**Work request:**
Please work out how many lines in the data below contain "srelE", and reply with that number alone.

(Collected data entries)
»»

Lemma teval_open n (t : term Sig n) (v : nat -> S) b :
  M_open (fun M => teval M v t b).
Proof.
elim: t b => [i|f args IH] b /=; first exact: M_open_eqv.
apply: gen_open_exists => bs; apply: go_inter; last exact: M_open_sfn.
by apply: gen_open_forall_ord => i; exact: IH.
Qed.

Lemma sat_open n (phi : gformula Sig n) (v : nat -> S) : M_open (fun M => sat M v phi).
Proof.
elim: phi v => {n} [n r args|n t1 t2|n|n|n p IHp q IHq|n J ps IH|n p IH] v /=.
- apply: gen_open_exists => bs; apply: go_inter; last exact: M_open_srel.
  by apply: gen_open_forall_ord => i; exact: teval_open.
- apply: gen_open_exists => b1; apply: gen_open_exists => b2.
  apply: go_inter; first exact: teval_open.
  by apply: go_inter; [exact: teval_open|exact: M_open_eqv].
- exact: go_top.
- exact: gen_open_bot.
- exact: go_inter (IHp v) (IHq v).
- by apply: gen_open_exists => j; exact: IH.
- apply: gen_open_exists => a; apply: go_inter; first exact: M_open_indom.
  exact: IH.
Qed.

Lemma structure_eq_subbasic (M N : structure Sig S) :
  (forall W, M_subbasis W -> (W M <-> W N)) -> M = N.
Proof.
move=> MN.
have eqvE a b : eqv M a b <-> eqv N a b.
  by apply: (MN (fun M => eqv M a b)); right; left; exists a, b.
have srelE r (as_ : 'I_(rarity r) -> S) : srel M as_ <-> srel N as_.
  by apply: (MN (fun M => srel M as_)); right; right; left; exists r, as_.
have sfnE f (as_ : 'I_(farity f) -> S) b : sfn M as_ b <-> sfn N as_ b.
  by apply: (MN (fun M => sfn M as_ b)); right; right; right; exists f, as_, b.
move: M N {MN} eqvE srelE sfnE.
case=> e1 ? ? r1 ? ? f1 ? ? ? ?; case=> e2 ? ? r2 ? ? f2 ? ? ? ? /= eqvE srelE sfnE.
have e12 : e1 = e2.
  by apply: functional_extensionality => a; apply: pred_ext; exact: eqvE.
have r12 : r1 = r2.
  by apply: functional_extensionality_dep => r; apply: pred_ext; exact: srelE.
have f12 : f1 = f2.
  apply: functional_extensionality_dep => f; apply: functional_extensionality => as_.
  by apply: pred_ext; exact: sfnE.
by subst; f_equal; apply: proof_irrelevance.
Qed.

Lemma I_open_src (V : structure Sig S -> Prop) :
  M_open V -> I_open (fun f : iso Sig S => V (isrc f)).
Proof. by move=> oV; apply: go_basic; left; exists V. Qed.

««

**Written solution:**
4